Altinn Studio Reference Monitoring Instrumentation

Instrumentation

An overview of how to instrument Altinn Apps, both automatic and manually.

This page refers to configuration when OpenTelemetry (OTel) is enabled in the app from v8 and newer. The existing Application Insights SDK setup is obsolete and will be removed in the next major version of the Altinn.App libraries.

Instrumentation is about adding additional context and information for you to use when debugging or analyzing app health or performance. Instrumentation through OpenTelemetry can take the form of 3 signal types:

Traces
Logs
Metrics

By default, automatic instrumentation is added for HTTP server and client requests, which will automatically capture all requests coming from the user/fronend to the API of the app, and all downstream requests to Platform APIs and any other HTTP-based integration that has been built into the app. This instrumentation follows the semantic conventions of the OTel spec in terms of attributes.

For manual instrumentation, you should also make sure to follow semantic conventions where applicable. The Altinn.App.Core library has mechanisms for doing manual instrumentation while standardizing on attribute names and values for Altinn-specific data and identifiers.
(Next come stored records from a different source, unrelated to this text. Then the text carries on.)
(* The following are equivalent for an integral domain $D$: (1) $D$ is a $\ast$-SH domain; (2) $D$ is of finite $\ast$-character and for every pair $P,Q$ of distinct maximal $\ast$-ideals of $D$, $P\cap Q$ contains no nonzero prime ideal.
   Context: $\ast$ is a star operation on $D$ of finite character. A $\ast$-ideal is a nonzero fractional ideal $I$ with $I^\ast=I$; it is of finite type if $I=J^\ast$ for some nonzero finitely generated $J$. A maximal $\ast$-ideal is an integral $\ast$-ideal maximal among proper integral $\ast$-ideals. $D$ is of finite $\ast$-character if every nonzero nonunit of $D$ lies in at most finitely many maximal $\ast$-ideals. A $\ast$-homog ideal is an integral $\ast$-ideal $I$ of finite type with $I\subsetneq D$ such that $(J+L)^{\ast}\neq D$ for every pair $J,L$ of proper integral $\ast$-ideals of finite type containing $I$. $D$ is a $\ast$-SH domain if for every nonzero nonunit $x\in D$, $xD=(I_1\cdots I_n)^\ast$ for some finitely many $\ast$-homog ideals $I_1,\dots,I_n$. *)

From Stdlib Require List.
From HB Require Import structures.
From mathcomp Require Import all_boot all_order all_algebra.
Set Implicit Arguments. Unset Strict Implicit. Unset Printing Implicit Defensive.
Import Order.TTheory GRing.Theory Num.Theory.
Local Open Scope ring_scope.

Section StarDefs.
Variable D : idomainType.
Notation K := {fraction D}.
Definition emb (d : D) : K := @FracField.tofrac D d.

Definition kset := K -> Prop.
Definition subk (I J : kset) : Prop := forall x, I x -> J x.

Definition Dset : kset := fun x => exists d : D, x = emb d.

Definition submodule (I : kset) : Prop :=
  I 0 /\ (forall x y, I x -> I y -> I (x + y)) /\
  (forall (d : D) x, I x -> I (emb d * x)).

Definition fractional (I : kset) : Prop :=
  submodule I /\ (exists x, x != 0 /\ I x) /\
  (exists d : D, d != 0 /\ forall x, I x -> Dset (emb d * x)).

Definition integral (I : kset) : Prop := fractional I /\ subk I Dset.

Definition principal (x : K) : kset := fun y => exists d : D, y = x * emb d.

Definition smul (x : K) (I : kset) : kset := fun y => exists z, I z /\ y = x * z.

Definition isum (I J : kset) : kset :=
  fun y => exists a b, I a /\ J b /\ y = a + b.

Definition imul (I J : kset) : kset :=
  fun y => exists (n : nat) (a b : 'I_n -> K),
    (forall i, I (a i)) /\ (forall i, J (b i)) /\ y = \sum_(i < n) a i * b i.

Definition iprod (l : list kset) : kset := foldr imul Dset l.

Definition fin_gen (I : kset) : Prop :=
  exists s : seq K, I = fun y => exists c : 'I_(size s) -> D,
    y = \sum_(i < size s) emb (c i) * s`_i.

Definition star_operation (star : kset -> kset) : Prop :=
  (forall I, fractional I -> fractional (star I)) /\
  (forall x, x != 0 -> star (principal x) = principal x) /\
  (forall x I, x != 0 -> fractional I -> star (smul x I) = smul x (star I)) /\
  (forall I, fractional I -> subk I (star I)) /\
  (forall I J, fractional I -> fractional J -> subk I J -> subk (star I) (star J)) /\
  (forall I, fractional I -> star (star I) = star I).

Definition finite_character (star : kset -> kset) : Prop :=
  forall I, fractional I ->
    star I = fun y => exists J, fractional J /\ fin_gen J /\ subk J I /\ star J y.

Definition star_ideal (star : kset -> kset) (I : kset) : Prop :=
  fractional I /\ star I = I.

Definition finite_type (star : kset -> kset) (I : kset) : Prop :=
  star_ideal star I /\ exists J, fractional J /\ fin_gen J /\ I = star J.

Definition int_star_ideal (star : kset -> kset) (I : kset) : Prop :=
  star_ideal star I /\ subk I Dset.

Definition proper (I : kset) : Prop := I <> Dset.

Definition max_star_ideal (star : kset -> kset) (P : kset) : Prop :=
  int_star_ideal star P /\ proper P /\
  forall J, int_star_ideal star J -> proper J -> subk P J -> J = P.

Definition finite_star_character (star : kset -> kset) : Prop :=
  forall x : D, x != 0 -> x \isn't a GRing.unit ->
    exists l : list kset, forall P, max_star_ideal star P -> P (emb x) -> List.In P l.

Definition star_homog (star : kset -> kset) (I : kset) : Prop :=
  int_star_ideal star I /\ finite_type star I /\ proper I /\
  forall J L, int_star_ideal star J -> finite_type star J -> proper J -> subk I J ->
              int_star_ideal star L -> finite_type star L -> proper L -> subk I L ->
              star (isum J L) <> Dset.

Definition star_SH (star : kset -> kset) : Prop :=
  forall x : D, x != 0 -> x \isn't a GRing.unit ->
    exists l : list kset, (forall I, List.In I l -> star_homog star I) /\
      principal (emb x) = star (iprod l).

Definition nz_prime (P : kset) : Prop :=
  integral P /\ proper P /\
  forall a b : D, P (emb (a * b)) -> P (emb a) \/ P (emb b).

End StarDefs.

(* A star-homogeneous ideal [I] lies in exactly one maximal star-ideal.  Were [I]
   contained in [P <> Q], pick [p] in [P] outside [Q]: by finite character [1] lies
   in [F^*] for some finitely generated [F] inside [Q + pD], and adjoining the
   generators of [F] to those of [I] gives finite-type star-ideals [J] in [P] and
   [L] in [Q] above [I] with [(J + L)^* = D].
   (1) -> (2): if [xD = (I_1 ... I_n)^*], every prime containing [x] contains some
   [I_k]; so a maximal star-ideal containing [x] is the unique one above some [I_k],
   and a nonzero prime inside [P] and [Q] would put some [I_k] below both.
   (2) -> (1): let [M_1, ..., M_n] be the maximal star-ideals containing [x].  There
   are [c_i] in [M_i], outside every other [M_j], with [x] dividing [c_1 ... c_n]:
   otherwise a prime containing [x] and disjoint from the multiplicative set of such
   products would, by prime avoidance, lie in two distinct [M_j].  Then [M_i] is the
   only maximal star-ideal containing [A_i = (x, c_i)^*], so [A_i] is
   star-homogeneous, and [x^-1 (x, c_1) ... (x, c_n)] lies in no maximal
   star-ideal, whence [(A_1 ... A_n)^* = xD]. *)

From Pilot Require Import Defs.
From mathcomp Require Import all_boot all_algebra.
From Stdlib Require Import FunctionalExtensionality PropExtensionality Classical.
From Stdlib Require List.
From mathcomp Require classical_sets.
From mathcomp Require Import ring.
Set Implicit Arguments. Unset Strict Implicit. Unset Printing Implicit Defensive.
Import GRing.Theory.
Local Open Scope ring_scope.

Lemma pred_ext (T : Type) (A B : T -> Prop) : (forall x, A x <-> B x) -> A = B.
Proof.
by move=> AB; apply: functional_extensionality => x; apply: propositional_extensionality.
Qed.

Lemma not_subset (T : Type) (A B : T -> Prop) :
  ~ (forall x, A x -> B x) -> exists x, A x /\ ~ B x.
Proof.
move=> nAB; apply: NNPP => nex; apply: nAB => x Ax.
by apply: NNPP => Bx; apply: nex; exists x.
Qed.

Definition chain (T : Type) (C : (T -> Prop) -> Prop) :=
  forall A B, C A -> C B -> (forall x, A x -> B x) \/ (forall x, B x -> A x).

Definition chain_union (T : Type) (C : (T -> Prop) -> Prop) : T -> Prop :=
  fun y => exists A, C A /\ A y.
This is done through the Altinn.App.Core.Features.Telemetry class and extension methods on System.Diagnostics.Activity.

Distributed tracing

Distributed tracing is done through System.Diagnostics.ActivitySource and System.Diagnostics.Activity in .NET. Alternatively, there is a shim API provided by the OTel SDK that simply wraps the Activity API that can be used.

Distributed tracing consists of

Traces - a collection of spans, identified by a Trace ID
Spans - a unit of work with a start and a stop timestamp, identified by a Span ID with a pointer to a parent Span ID

A trace can be thought of as a tree of spans, letting us visualize and analyze units of work in context and in relation to other spans in the same trace. Traces can be used in roughly the same way as logs in terms of debugging and analysis, but offers richer context, which is especially useful in a distributed setting. Altinn 3 is a microservices-based platform, so utilizing distributed tracing is highly recommended and should be the primary tool for debugging and observing apps.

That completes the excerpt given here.